> [Required action]:
After locating the line with "lin_indep_cols_extend (lex_first_admissible_indep first_S0)." in the data that follows, return it and every later line exactly, up to and including the line with "assert (Hidem : forall".
[[ Exercise material open ]]
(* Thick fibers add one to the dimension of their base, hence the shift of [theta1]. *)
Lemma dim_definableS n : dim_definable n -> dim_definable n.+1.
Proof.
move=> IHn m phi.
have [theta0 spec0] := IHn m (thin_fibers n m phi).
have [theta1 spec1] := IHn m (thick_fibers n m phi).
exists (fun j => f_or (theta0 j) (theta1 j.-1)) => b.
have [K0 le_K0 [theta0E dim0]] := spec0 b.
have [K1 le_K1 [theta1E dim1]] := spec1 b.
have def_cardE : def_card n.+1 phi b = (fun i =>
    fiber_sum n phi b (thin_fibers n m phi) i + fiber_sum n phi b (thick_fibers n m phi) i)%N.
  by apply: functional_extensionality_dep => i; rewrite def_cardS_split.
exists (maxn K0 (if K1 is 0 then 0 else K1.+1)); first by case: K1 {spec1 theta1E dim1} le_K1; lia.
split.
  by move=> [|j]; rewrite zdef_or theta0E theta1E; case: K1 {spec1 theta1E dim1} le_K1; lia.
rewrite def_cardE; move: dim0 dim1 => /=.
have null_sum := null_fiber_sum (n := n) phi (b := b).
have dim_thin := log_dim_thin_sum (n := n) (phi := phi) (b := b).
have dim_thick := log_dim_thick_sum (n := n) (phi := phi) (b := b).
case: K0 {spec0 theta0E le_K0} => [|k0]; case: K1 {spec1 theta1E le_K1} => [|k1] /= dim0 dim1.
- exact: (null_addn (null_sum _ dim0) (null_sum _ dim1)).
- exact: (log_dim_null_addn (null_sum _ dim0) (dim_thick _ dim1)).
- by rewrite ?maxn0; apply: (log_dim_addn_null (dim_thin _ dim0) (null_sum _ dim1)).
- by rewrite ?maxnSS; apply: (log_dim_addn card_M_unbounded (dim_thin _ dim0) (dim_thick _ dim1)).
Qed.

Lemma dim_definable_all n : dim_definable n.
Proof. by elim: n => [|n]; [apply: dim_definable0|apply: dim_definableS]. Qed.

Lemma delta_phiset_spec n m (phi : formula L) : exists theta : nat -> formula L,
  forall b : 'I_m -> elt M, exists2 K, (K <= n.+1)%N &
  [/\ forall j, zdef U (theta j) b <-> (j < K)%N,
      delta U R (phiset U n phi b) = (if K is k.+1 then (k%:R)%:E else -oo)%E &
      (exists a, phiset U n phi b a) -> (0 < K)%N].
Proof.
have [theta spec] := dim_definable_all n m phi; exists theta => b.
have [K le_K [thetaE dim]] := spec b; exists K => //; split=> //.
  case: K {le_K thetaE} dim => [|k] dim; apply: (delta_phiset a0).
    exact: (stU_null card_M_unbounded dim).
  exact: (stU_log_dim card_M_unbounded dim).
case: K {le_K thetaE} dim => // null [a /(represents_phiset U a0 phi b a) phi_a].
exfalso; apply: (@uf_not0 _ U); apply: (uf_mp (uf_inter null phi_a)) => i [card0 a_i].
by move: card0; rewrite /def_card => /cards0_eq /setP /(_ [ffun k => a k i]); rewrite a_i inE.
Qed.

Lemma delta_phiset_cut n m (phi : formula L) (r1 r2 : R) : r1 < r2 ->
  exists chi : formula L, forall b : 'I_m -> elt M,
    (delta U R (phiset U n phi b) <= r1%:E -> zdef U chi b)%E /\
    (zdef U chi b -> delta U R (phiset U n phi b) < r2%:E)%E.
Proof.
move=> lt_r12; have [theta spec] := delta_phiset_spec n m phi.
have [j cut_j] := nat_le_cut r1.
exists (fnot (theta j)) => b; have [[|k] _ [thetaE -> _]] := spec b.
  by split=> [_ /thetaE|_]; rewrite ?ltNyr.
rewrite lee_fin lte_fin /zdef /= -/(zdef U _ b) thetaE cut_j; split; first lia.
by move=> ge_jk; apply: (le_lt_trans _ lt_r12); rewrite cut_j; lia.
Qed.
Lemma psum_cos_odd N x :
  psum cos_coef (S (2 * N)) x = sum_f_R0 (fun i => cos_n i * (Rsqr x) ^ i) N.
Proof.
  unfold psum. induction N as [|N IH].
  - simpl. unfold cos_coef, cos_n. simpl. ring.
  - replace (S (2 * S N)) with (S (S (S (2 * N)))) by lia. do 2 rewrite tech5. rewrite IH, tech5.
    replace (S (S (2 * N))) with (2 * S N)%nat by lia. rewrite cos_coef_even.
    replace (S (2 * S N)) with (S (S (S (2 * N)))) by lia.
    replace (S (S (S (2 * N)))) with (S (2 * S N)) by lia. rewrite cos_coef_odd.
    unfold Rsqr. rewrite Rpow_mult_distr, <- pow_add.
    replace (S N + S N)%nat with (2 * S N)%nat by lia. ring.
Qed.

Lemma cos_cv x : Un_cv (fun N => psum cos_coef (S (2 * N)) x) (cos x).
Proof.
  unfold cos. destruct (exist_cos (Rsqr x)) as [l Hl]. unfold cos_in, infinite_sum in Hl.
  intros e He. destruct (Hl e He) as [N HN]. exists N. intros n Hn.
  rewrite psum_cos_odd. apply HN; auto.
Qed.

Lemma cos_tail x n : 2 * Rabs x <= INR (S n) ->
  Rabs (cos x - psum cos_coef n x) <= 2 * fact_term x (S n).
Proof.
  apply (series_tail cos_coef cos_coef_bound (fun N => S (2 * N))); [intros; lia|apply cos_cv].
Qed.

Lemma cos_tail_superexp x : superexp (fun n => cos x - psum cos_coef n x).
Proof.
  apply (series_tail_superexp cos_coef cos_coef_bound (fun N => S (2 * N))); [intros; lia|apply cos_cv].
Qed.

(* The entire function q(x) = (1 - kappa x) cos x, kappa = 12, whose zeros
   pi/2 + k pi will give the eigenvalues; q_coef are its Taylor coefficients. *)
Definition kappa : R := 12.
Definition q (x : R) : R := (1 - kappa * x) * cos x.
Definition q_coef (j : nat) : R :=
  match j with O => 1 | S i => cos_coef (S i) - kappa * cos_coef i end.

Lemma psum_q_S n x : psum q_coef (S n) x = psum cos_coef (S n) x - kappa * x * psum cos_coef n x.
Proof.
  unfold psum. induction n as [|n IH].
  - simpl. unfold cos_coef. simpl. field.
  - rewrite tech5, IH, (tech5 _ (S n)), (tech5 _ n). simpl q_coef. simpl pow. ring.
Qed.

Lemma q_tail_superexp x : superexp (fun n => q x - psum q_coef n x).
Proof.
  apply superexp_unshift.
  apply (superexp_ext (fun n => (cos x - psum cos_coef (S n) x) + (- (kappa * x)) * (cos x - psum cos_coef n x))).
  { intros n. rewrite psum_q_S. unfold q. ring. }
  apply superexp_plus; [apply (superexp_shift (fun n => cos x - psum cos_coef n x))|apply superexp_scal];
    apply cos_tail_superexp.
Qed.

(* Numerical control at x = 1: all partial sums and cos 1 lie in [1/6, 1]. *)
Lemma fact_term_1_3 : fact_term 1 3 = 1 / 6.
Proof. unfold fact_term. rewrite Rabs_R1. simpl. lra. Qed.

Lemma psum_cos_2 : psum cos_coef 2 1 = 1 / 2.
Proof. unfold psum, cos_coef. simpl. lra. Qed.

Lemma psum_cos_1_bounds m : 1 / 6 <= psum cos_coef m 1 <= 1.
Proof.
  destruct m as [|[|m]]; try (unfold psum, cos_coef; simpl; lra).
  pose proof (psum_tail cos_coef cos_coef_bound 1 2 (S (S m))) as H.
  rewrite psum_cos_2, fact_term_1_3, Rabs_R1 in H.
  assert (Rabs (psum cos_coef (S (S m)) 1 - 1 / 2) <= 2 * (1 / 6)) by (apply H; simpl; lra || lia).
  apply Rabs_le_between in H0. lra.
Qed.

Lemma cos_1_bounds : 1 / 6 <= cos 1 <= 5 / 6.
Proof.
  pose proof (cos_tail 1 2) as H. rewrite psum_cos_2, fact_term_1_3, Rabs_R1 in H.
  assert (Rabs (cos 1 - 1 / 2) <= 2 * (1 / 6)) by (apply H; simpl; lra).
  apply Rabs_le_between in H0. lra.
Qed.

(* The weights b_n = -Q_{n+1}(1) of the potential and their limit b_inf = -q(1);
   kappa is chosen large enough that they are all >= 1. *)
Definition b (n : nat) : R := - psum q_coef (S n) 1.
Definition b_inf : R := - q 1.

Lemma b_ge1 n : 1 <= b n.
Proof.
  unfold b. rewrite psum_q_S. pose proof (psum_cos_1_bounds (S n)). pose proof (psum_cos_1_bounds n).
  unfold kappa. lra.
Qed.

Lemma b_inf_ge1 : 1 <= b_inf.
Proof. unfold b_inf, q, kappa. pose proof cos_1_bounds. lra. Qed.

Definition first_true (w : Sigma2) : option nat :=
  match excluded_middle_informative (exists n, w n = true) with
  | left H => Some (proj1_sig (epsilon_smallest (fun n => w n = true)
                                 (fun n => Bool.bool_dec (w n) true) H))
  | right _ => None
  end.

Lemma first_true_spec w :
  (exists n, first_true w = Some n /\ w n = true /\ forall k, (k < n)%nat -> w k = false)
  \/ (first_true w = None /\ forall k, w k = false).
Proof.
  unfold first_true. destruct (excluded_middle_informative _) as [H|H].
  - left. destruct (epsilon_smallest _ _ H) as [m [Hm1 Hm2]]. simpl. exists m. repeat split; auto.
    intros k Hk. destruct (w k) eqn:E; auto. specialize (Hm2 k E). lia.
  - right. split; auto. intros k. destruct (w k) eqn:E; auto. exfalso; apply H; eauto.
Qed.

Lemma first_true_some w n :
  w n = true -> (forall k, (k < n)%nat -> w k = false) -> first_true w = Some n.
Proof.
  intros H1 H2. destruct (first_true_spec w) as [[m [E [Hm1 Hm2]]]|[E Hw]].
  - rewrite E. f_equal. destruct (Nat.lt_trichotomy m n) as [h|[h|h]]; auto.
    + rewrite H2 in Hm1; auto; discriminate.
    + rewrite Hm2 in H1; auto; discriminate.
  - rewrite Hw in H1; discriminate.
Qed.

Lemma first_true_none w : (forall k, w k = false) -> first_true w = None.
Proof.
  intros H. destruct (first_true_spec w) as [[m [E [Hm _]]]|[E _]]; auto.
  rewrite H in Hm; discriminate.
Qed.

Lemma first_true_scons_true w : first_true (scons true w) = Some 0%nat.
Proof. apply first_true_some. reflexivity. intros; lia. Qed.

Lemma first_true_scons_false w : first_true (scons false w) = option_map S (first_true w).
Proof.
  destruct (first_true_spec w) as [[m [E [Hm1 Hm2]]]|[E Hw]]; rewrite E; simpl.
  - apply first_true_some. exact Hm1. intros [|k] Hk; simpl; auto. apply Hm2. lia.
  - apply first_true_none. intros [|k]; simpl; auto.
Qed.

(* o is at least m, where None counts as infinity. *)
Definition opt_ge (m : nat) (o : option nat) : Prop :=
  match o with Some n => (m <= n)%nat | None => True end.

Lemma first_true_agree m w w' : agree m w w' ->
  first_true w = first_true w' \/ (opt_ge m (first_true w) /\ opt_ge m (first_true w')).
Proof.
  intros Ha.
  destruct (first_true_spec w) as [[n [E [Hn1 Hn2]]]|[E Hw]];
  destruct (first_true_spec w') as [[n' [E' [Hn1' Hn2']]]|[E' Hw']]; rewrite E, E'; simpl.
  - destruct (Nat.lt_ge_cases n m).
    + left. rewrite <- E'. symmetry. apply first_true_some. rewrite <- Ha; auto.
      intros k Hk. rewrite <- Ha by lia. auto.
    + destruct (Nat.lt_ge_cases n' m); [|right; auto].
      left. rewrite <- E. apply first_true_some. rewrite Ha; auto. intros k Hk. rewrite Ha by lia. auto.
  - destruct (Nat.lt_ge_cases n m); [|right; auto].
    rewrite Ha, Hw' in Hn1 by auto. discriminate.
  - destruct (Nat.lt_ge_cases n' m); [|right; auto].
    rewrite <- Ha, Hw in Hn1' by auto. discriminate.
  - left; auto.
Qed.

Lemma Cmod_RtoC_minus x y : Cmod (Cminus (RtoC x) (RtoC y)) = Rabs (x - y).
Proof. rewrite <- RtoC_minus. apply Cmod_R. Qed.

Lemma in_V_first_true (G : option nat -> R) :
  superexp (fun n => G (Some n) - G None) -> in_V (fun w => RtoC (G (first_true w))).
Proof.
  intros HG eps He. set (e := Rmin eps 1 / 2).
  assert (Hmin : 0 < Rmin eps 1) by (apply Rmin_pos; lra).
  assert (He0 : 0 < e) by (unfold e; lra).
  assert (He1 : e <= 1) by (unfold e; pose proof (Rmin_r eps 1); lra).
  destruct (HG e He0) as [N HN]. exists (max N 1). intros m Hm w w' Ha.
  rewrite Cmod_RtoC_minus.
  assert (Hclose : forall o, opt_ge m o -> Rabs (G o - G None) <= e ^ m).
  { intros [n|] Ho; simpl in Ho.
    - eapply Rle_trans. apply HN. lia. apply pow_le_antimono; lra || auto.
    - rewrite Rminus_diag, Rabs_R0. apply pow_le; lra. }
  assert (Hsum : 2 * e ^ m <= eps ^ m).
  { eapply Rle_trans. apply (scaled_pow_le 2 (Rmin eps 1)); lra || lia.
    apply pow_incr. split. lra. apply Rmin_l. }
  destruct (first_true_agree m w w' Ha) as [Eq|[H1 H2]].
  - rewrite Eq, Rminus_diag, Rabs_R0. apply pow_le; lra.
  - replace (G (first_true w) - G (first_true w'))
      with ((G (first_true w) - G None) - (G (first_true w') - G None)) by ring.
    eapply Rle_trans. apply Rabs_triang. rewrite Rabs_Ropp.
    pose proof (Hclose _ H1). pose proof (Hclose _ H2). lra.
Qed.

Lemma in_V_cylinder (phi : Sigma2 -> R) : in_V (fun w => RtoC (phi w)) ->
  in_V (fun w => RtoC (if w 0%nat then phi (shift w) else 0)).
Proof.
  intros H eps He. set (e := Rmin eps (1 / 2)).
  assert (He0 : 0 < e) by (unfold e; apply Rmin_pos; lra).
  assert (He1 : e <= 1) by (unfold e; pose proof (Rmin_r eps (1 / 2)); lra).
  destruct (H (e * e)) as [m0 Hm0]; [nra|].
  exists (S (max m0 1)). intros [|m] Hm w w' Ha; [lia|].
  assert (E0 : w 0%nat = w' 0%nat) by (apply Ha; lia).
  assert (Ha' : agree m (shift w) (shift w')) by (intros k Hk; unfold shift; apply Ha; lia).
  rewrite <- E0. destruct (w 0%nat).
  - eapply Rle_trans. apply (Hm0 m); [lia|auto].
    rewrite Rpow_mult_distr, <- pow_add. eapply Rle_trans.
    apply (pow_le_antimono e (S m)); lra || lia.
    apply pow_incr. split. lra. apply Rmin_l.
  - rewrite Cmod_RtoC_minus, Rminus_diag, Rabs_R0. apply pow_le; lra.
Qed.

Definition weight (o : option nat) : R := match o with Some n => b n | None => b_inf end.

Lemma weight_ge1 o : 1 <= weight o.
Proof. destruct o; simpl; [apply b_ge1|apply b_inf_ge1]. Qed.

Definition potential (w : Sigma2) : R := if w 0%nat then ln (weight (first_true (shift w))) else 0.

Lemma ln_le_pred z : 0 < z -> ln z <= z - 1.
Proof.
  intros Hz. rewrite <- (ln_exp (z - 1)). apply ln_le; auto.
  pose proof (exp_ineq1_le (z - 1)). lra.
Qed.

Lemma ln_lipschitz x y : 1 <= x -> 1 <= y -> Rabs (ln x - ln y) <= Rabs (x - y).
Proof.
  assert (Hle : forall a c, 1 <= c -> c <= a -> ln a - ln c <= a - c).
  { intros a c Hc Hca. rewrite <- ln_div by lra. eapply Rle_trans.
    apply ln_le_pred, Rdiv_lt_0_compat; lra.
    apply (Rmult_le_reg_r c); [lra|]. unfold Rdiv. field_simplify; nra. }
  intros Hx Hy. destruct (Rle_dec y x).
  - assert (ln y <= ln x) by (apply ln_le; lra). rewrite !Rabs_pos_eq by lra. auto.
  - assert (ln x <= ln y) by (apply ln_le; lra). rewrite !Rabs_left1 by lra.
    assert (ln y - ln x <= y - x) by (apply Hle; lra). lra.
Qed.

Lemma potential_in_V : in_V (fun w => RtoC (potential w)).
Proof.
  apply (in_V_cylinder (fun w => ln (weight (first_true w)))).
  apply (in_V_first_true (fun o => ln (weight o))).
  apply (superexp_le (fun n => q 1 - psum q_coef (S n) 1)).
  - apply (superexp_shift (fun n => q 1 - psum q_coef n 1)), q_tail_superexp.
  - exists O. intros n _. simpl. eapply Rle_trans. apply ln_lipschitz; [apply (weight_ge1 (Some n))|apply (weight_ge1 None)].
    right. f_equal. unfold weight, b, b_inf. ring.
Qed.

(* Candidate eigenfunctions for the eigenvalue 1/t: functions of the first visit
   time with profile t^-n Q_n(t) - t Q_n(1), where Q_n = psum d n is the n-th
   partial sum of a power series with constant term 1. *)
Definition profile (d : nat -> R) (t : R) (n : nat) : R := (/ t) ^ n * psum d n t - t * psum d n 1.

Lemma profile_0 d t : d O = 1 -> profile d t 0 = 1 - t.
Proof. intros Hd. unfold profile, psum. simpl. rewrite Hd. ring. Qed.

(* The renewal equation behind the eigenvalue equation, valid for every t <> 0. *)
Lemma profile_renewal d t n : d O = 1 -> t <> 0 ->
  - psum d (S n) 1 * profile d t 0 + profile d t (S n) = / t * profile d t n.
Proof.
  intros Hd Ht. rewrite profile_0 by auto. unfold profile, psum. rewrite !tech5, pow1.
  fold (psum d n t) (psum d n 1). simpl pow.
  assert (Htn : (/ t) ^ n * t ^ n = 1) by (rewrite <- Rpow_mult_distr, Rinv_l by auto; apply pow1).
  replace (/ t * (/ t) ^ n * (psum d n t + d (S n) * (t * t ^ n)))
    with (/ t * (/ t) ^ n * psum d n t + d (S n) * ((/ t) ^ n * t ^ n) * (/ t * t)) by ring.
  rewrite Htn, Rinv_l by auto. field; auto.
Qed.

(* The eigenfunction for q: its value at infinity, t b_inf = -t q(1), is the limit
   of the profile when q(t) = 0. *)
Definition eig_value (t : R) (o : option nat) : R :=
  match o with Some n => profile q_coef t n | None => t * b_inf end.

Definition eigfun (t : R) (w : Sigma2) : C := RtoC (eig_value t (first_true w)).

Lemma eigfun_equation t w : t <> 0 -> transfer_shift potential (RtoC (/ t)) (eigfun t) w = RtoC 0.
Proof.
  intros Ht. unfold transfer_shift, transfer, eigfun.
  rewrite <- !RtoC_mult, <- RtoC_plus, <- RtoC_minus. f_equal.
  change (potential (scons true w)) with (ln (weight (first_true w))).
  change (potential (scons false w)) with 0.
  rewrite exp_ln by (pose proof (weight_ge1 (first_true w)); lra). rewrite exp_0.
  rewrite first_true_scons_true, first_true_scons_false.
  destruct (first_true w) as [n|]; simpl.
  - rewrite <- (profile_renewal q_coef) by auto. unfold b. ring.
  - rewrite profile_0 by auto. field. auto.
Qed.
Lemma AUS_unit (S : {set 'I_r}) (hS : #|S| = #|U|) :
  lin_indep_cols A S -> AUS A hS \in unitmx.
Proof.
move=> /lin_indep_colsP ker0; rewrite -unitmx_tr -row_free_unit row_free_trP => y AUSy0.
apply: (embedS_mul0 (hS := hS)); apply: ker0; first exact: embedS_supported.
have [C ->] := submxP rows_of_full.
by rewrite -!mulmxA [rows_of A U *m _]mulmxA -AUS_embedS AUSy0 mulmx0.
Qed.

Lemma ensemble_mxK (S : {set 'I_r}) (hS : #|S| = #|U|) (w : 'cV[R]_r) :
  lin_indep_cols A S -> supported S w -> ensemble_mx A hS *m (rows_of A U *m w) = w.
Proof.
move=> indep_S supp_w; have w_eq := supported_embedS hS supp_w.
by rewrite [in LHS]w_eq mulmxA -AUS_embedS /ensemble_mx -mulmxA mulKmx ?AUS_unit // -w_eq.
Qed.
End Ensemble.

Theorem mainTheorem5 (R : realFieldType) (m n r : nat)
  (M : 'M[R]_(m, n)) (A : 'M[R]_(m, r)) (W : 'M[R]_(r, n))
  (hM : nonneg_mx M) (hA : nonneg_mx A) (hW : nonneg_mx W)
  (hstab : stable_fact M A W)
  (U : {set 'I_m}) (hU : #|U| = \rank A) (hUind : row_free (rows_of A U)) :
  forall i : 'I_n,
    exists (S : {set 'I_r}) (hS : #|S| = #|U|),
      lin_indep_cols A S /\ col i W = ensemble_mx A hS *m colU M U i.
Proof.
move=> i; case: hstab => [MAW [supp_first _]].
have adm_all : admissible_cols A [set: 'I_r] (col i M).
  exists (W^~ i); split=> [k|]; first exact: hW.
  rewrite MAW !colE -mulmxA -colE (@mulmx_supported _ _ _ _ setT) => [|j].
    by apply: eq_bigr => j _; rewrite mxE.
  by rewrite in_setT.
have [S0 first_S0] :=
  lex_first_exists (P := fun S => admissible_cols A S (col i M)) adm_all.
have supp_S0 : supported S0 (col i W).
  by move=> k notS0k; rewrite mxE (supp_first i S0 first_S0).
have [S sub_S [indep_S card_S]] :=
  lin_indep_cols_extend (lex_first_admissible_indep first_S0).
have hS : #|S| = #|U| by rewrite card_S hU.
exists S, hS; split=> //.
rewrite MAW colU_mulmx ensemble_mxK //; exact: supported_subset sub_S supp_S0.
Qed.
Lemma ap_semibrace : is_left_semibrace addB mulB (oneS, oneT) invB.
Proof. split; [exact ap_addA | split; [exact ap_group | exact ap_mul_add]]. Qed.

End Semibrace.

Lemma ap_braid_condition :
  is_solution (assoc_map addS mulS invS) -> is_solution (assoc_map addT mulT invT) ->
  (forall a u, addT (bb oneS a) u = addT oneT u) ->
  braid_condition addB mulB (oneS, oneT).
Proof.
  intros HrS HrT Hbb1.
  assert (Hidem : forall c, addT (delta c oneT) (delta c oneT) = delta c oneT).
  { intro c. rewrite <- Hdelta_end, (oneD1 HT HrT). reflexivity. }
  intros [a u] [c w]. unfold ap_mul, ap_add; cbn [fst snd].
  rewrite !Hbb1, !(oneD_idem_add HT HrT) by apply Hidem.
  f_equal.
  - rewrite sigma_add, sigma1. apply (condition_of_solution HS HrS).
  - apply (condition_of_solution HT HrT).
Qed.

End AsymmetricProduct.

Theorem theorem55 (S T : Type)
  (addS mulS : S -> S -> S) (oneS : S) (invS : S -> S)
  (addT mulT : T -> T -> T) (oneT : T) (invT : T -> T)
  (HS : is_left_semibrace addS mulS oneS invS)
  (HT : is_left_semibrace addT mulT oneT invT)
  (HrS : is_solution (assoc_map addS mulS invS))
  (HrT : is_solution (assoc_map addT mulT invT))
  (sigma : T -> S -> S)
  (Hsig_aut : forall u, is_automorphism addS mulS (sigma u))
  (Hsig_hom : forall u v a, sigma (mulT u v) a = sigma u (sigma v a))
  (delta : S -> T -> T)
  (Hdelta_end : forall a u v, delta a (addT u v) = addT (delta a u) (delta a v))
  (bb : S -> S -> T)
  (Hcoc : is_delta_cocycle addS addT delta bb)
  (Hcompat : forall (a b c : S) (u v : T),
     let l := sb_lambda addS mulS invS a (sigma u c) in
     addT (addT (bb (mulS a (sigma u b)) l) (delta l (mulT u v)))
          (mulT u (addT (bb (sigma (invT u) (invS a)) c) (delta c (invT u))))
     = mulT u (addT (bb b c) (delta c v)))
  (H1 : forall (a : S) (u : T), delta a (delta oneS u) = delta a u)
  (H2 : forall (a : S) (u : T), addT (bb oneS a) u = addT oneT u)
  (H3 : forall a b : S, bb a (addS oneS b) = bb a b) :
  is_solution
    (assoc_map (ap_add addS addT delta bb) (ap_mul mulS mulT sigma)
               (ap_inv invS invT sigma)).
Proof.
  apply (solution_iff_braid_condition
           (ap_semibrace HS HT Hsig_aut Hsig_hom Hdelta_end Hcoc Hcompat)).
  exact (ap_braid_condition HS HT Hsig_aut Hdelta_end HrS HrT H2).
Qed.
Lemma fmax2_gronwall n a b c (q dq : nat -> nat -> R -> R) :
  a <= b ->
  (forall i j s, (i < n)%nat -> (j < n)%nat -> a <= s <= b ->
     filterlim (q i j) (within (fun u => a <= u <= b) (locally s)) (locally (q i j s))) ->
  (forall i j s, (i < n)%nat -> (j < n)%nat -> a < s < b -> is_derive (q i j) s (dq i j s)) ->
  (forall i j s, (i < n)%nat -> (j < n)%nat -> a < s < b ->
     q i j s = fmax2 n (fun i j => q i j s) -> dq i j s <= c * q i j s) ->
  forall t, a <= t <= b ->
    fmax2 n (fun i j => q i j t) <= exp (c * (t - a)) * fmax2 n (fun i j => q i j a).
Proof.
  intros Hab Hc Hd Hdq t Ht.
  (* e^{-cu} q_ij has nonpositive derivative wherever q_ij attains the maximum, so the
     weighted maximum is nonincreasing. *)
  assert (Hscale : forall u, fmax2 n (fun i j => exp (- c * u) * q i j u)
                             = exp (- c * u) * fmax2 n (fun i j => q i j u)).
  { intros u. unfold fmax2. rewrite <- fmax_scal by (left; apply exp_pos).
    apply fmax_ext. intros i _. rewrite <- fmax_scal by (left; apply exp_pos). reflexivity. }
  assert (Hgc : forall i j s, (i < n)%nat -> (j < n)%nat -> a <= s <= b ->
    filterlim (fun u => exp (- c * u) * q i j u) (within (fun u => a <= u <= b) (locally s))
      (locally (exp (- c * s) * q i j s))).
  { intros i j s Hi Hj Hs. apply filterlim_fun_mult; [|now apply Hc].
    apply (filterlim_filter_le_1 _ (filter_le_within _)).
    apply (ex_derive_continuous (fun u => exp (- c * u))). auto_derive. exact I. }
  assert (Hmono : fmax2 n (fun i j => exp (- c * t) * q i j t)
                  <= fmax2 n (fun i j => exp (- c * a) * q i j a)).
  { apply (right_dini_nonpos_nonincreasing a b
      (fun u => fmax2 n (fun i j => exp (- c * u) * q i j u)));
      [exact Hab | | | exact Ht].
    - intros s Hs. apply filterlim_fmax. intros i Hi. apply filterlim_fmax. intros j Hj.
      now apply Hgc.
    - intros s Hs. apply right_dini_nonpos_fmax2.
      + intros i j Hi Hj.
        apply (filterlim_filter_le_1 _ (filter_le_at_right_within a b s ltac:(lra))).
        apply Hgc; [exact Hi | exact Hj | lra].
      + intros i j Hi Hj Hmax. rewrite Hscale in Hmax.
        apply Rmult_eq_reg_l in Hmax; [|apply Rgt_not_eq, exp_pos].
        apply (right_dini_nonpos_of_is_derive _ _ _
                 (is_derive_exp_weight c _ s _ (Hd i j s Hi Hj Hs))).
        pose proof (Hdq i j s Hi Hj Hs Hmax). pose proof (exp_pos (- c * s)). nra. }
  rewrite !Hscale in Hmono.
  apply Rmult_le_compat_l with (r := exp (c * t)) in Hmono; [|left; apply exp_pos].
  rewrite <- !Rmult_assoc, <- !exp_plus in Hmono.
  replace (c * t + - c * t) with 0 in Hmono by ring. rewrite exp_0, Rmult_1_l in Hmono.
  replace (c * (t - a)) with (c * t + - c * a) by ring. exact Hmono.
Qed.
[[ Exercise material closed ]]
> [Answer to the exercise]:
  lin_indep_cols_extend (lex_first_admissible_indep first_S0).
have hS : #|S| = #|U| by rewrite card_S hU.
exists S, hS; split=> //.
rewrite MAW colU_mulmx ensemble_mxK //; exact: supported_subset sub_S supp_S0.
Qed.
Lemma ap_semibrace : is_left_semibrace addB mulB (oneS, oneT) invB.
Proof. split; [exact ap_addA | split; [exact ap_group | exact ap_mul_add]]. Qed.

End Semibrace.

Lemma ap_braid_condition :
  is_solution (assoc_map addS mulS invS) -> is_solution (assoc_map addT mulT invT) ->
  (forall a u, addT (bb oneS a) u = addT oneT u) ->
  braid_condition addB mulB (oneS, oneT).
Proof.
  intros HrS HrT Hbb1.
  assert (Hidem : forall c, addT (delta c oneT) (delta c oneT) = delta c oneT).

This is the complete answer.